The task>
Nothing other than the lines from the one containing "(forall t, Rabs" through the close of the entries below should be printed, each exactly.

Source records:
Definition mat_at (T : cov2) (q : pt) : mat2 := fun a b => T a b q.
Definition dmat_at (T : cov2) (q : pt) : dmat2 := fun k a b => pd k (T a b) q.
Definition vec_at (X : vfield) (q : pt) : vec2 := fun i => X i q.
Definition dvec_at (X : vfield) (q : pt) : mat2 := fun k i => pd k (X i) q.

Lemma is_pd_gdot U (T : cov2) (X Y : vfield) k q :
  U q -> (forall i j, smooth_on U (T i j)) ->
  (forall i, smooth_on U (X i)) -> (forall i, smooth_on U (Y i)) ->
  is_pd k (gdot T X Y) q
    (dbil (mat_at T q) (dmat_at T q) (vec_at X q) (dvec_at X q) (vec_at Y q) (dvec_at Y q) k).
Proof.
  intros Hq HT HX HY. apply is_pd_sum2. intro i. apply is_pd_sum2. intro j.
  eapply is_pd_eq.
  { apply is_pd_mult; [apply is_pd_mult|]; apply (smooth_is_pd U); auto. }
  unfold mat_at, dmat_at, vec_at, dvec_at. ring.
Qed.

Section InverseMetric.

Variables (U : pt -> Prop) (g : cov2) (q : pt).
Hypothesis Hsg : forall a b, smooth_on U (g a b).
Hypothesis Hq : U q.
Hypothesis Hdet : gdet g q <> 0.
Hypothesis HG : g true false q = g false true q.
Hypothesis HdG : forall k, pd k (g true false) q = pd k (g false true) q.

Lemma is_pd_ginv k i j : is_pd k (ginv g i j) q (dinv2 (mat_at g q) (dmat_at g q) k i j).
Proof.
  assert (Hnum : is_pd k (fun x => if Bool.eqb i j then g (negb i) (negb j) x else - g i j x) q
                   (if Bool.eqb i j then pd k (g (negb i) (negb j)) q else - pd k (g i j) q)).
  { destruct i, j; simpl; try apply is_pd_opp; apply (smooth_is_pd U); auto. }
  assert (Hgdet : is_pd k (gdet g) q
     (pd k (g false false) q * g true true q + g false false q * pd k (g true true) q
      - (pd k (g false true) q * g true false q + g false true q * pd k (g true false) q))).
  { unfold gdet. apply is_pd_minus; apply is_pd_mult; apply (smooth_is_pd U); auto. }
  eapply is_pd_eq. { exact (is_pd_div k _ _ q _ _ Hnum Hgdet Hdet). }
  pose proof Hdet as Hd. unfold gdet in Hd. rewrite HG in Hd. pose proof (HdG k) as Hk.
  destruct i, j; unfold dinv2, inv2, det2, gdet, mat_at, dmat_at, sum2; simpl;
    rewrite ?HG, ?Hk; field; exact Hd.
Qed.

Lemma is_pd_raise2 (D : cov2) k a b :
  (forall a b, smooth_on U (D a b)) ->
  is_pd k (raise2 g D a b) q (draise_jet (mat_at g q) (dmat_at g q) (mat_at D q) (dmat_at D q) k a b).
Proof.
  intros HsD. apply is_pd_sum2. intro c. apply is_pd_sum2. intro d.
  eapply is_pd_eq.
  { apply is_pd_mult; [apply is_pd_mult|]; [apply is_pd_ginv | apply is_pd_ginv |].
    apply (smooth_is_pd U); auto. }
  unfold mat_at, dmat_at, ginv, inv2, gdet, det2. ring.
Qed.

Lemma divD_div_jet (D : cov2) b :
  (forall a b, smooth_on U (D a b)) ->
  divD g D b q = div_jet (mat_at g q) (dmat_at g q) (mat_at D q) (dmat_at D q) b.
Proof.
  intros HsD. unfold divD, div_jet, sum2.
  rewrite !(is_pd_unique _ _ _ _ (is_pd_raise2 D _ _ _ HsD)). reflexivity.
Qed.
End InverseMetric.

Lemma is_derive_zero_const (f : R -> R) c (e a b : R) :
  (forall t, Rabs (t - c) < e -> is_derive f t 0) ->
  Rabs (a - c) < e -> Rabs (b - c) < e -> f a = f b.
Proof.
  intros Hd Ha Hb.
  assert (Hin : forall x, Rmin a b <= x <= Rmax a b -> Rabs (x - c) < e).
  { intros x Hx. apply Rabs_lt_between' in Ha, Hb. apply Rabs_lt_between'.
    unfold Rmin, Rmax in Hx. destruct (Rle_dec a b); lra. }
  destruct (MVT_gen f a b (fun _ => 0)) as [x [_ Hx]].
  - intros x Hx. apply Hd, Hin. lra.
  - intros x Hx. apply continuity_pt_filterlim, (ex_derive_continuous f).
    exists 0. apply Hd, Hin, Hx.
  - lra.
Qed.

Task output>
  (forall t, Rabs (t - c) < e -> is_derive f t 0) ->
  Rabs (a - c) < e -> Rabs (b - c) < e -> f a = f b.
Proof.
  intros Hd Ha Hb.
  assert (Hin : forall x, Rmin a b <= x <= Rmax a b -> Rabs (x - c) < e).
  { intros x Hx. apply Rabs_lt_between' in Ha, Hb. apply Rabs_lt_between'.
    unfold Rmin, Rmax in Hx. destruct (Rle_dec a b); lra. }
  destruct (MVT_gen f a b (fun _ => 0)) as [x [_ Hx]].
  - intros x Hx. apply Hd, Hin. lra.
  - intros x Hx. apply continuity_pt_filterlim, (ex_derive_continuous f).
    exists 0. apply Hd, Hin, Hx.
  - lra.
Qed.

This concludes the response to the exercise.